Provided entries:
(* Let $N\ge1$, $V=\{1,\dots,N\}$, $A$ an $N\times N$ row-stochastic matrix, and $\sigma_1,\sigma_2,\dots$ random variables with values in $2^V$. Consider $x(k+1)=A_{\sigma_k}x(k)$, $k\ge1$, with deterministic $x(1)\in\mathbb R^N$. Suppose: (a) $\mathcal G(A)$ is rooted. (b) There exists $\alpha\in(0,1)$ such that whenever $\mathbb P(\sigma_k\mid\sigma_{k-1},\dots,\sigma_1)\neq0$, it is $\ge\alpha$. (c) $\mathbb P(\sigma_k=\{j\}\mid\sigma_{k-1},\dots,\sigma_1)\neq0$ for all $j\in V$ and all $k\ge1$. Then the iteration reaches consensus almost surely.
   Context: $\mathcal G(A)$ is the directed graph on $V$ with an edge $(j,i)$ iff $a_{ij}>0$; it is rooted if some node $r$ has a directed path to every other node. For $\sigma\subseteq V$, $A_\sigma$ is the matrix whose $j$-th row equals the $j$-th row of $A$ if $j\in\sigma$ and $e_j^T$ otherwise. For $k=1$ conditional probabilities given the empty past are unconditional. The iteration reaches consensus almost surely if for every $\varepsilon>0$ and every $x(1)$, $\lim_{k\to\infty}\mathbb P\big(\sum_{j=1}^N (x_j(k)-\frac1N\sum_{i=1}^N x_i(k))^2\ge\varepsilon\big)=0$. *)

From HB Require Import structures.
From mathcomp Require Import all_boot all_order all_algebra.
From mathcomp Require Import all_classical all_reals all_analysis.

Set Implicit Arguments.
Unset Strict Implicit.
Unset Printing Implicit Defensive.

Import Order.TTheory GRing.Theory Num.Theory.
Local Open Scope classical_set_scope.
Local Open Scope ring_scope.

Section Defs.
Variable R : realType.
Variable N : nat.

Definition row_stochastic (A : 'M[R]_N) : Prop :=
  (forall i j, 0 <= A i j) /\ (forall i, \sum_(j < N) A i j = 1).

Definition graph_edge (A : 'M[R]_N) : rel 'I_N := fun j i => 0 < A i j.

Definition rooted (A : 'M[R]_N) : Prop :=
  exists r : 'I_N, forall i : 'I_N, connect (graph_edge A) r i.

Definition A_sub (A : 'M[R]_N) (s : {set 'I_N}) : 'M[R]_N :=
  \matrix_(j, l) (if j \in s then A j l else (j == l)%:R).

(* trajectory: traj A sig x1 n = x(n+1), where sig n = sigma_(n+1);
   x(1) = x1, x(k+1) = A_(sigma_k) x(k). *)
Fixpoint traj (A : 'M[R]_N) (sig : nat -> {set 'I_N}) (x1 : 'cV[R]_N) (n : nat)
  : 'cV[R]_N :=
  match n with
  | 0 => x1
  | n'.+1 => A_sub A (sig n') *m traj A sig x1 n'
  end.

Definition disagreement (x : 'cV[R]_N) : R :=
  \sum_(j < N) (x j 0 - (N%:R)^-1 * \sum_(i < N) x i 0) ^+ 2.
End Defs.

Section Prob.
Context {d : measure_display} {T : measurableType d} {R : realType} {N : nat}.
Variable P : probability T R.
Variable sigma : nat -> T -> {set 'I_N}.

(* the past sigma_1, ..., sigma_k (with sigma n = sigma_(n+1)) *)
Definition past (k : nat) (w : T) : seq {set 'I_N} :=
  [seq sigma i w | i <- iota 0 k].

Definition past_event (k : nat) (h : seq {set 'I_N}) : set T :=
  [set w | past k w = h].

(* P(sigma_(k+1) = s | (sigma_1..sigma_k) = h), meaningful when the
   conditioning event has positive probability *)
Definition cond_prob (k : nat) (h : seq {set 'I_N}) (s : {set 'I_N}) : R :=
  fine (P (past_event k h `&` [set w | sigma k w = s])) /
  fine (P (past_event k h)).
End Prob.

(* Let beta > 0 be the smallest positive entry of A and r a root of G(A).  If
   x >= lo entrywise, updating one node at a time every node other than r, N
   times over, lifts every entry to at least lo + c (x_r - lo) with
   c = beta^(number of updates): the lift spreads along the edges out of r,
   losing a factor beta per update, and a shortest path from r has fewer than N
   edges.  Applied to x and to -x, this fixed word of singleton updates shrinks
   the spread max x - min x by the factor 1 - c; as no update increases the
   spread, a fixed power of the word drives the disagreement below eps.
   By (b) and (c) every singleton has conditional probability at least alpha
   given any past, so this word, of length L, fills a given block of L steps
   with conditional probability at least alpha^L.  Keeping disagreement >= eps
   after K L steps requires the first K blocks all to miss the word, which has
   probability at most (1 - alpha^L)^K. *)

From HB Require Import structures.
From mathcomp Require Import all_boot all_order all_algebra.
From mathcomp Require Import all_classical all_reals all_analysis.
From mathcomp Require Import ring lra.
Import Order.TTheory GRing.Theory Num.Theory.
Local Open Scope ring_scope.

Set Implicit Arguments.
Unset Strict Implicit.
Unset Printing Implicit Defensive.

Lemma foldl_flatten_nseq (T S : Type) (f : S -> T -> S) (x : S) (s : seq T) n :
  foldl f x (flatten (nseq n s)) = iter n (fun y => foldl f y s) x.
Proof. by elim: n x => [|n IH] x //; rewrite iterSr -IH /= foldl_cat. Qed.

Section Updates.
Variables (R : realType) (N : nat) (A : 'M[R]_N).
Hypothesis HA : row_stochastic A.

Exercise description: Here, the records must be output exactly and in full.

Written response:
(* Let $N\ge1$, $V=\{1,\dots,N\}$, $A$ an $N\times N$ row-stochastic matrix, and $\sigma_1,\sigma_2,\dots$ random variables with values in $2^V$. Consider $x(k+1)=A_{\sigma_k}x(k)$, $k\ge1$, with deterministic $x(1)\in\mathbb R^N$. Suppose: (a) $\mathcal G(A)$ is rooted. (b) There exists $\alpha\in(0,1)$ such that whenever $\mathbb P(\sigma_k\mid\sigma_{k-1},\dots,\sigma_1)\neq0$, it is $\ge\alpha$. (c) $\mathbb P(\sigma_k=\{j\}\mid\sigma_{k-1},\dots,\sigma_1)\neq0$ for all $j\in V$ and all $k\ge1$. Then the iteration reaches consensus almost surely.
   Context: $\mathcal G(A)$ is the directed graph on $V$ with an edge $(j,i)$ iff $a_{ij}>0$; it is rooted if some node $r$ has a directed path to every other node. For $\sigma\subseteq V$, $A_\sigma$ is the matrix whose $j$-th row equals the $j$-th row of $A$ if $j\in\sigma$ and $e_j^T$ otherwise. For $k=1$ conditional probabilities given the empty past are unconditional. The iteration reaches consensus almost surely if for every $\varepsilon>0$ and every $x(1)$, $\lim_{k\to\infty}\mathbb P\big(\sum_{j=1}^N (x_j(k)-\frac1N\sum_{i=1}^N x_i(k))^2\ge\varepsilon\big)=0$. *)

From HB Require Import structures.
From mathcomp Require Import all_boot all_order all_algebra.
From mathcomp Require Import all_classical all_reals all_analysis.

Set Implicit Arguments.
Unset Strict Implicit.
Unset Printing Implicit Defensive.

Import Order.TTheory GRing.Theory Num.Theory.
Local Open Scope classical_set_scope.
Local Open Scope ring_scope.

Section Defs.
Variable R : realType.
Variable N : nat.

Definition row_stochastic (A : 'M[R]_N) : Prop :=
  (forall i j, 0 <= A i j) /\ (forall i, \sum_(j < N) A i j = 1).

Definition graph_edge (A : 'M[R]_N) : rel 'I_N := fun j i => 0 < A i j.

Definition rooted (A : 'M[R]_N) : Prop :=
  exists r : 'I_N, forall i : 'I_N, connect (graph_edge A) r i.

Definition A_sub (A : 'M[R]_N) (s : {set 'I_N}) : 'M[R]_N :=
  \matrix_(j, l) (if j \in s then A j l else (j == l)%:R).

(* trajectory: traj A sig x1 n = x(n+1), where sig n = sigma_(n+1);
   x(1) = x1, x(k+1) = A_(sigma_k) x(k). *)
Fixpoint traj (A : 'M[R]_N) (sig : nat -> {set 'I_N}) (x1 : 'cV[R]_N) (n : nat)
  : 'cV[R]_N :=
  match n with
  | 0 => x1
  | n'.+1 => A_sub A (sig n') *m traj A sig x1 n'
  end.

Definition disagreement (x : 'cV[R]_N) : R :=
  \sum_(j < N) (x j 0 - (N%:R)^-1 * \sum_(i < N) x i 0) ^+ 2.
End Defs.

Section Prob.
Context {d : measure_display} {T : measurableType d} {R : realType} {N : nat}.
Variable P : probability T R.
Variable sigma : nat -> T -> {set 'I_N}.

(* the past sigma_1, ..., sigma_k (with sigma n = sigma_(n+1)) *)
Definition past (k : nat) (w : T) : seq {set 'I_N} :=
  [seq sigma i w | i <- iota 0 k].

Definition past_event (k : nat) (h : seq {set 'I_N}) : set T :=
  [set w | past k w = h].

(* P(sigma_(k+1) = s | (sigma_1..sigma_k) = h), meaningful when the
   conditioning event has positive probability *)
Definition cond_prob (k : nat) (h : seq {set 'I_N}) (s : {set 'I_N}) : R :=
  fine (P (past_event k h `&` [set w | sigma k w = s])) /
  fine (P (past_event k h)).
End Prob.

(* Let beta > 0 be the smallest positive entry of A and r a root of G(A).  If
   x >= lo entrywise, updating one node at a time every node other than r, N
   times over, lifts every entry to at least lo + c (x_r - lo) with
   c = beta^(number of updates): the lift spreads along the edges out of r,
   losing a factor beta per update, and a shortest path from r has fewer than N
   edges.  Applied to x and to -x, this fixed word of singleton updates shrinks
   the spread max x - min x by the factor 1 - c; as no update increases the
   spread, a fixed power of the word drives the disagreement below eps.
   By (b) and (c) every singleton has conditional probability at least alpha
   given any past, so this word, of length L, fills a given block of L steps
   with conditional probability at least alpha^L.  Keeping disagreement >= eps
   after K L steps requires the first K blocks all to miss the word, which has
   probability at most (1 - alpha^L)^K. *)

From HB Require Import structures.
From mathcomp Require Import all_boot all_order all_algebra.
From mathcomp Require Import all_classical all_reals all_analysis.
From mathcomp Require Import ring lra.
Import Order.TTheory GRing.Theory Num.Theory.
Local Open Scope ring_scope.

Set Implicit Arguments.
Unset Strict Implicit.
Unset Printing Implicit Defensive.

Lemma foldl_flatten_nseq (T S : Type) (f : S -> T -> S) (x : S) (s : seq T) n :
  foldl f x (flatten (nseq n s)) = iter n (fun y => foldl f y s) x.
Proof. by elim: n x => [|n IH] x //; rewrite iterSr -IH /= foldl_cat. Qed.

Section Updates.
Variables (R : realType) (N : nat) (A : 'M[R]_N).
Hypothesis HA : row_stochastic A.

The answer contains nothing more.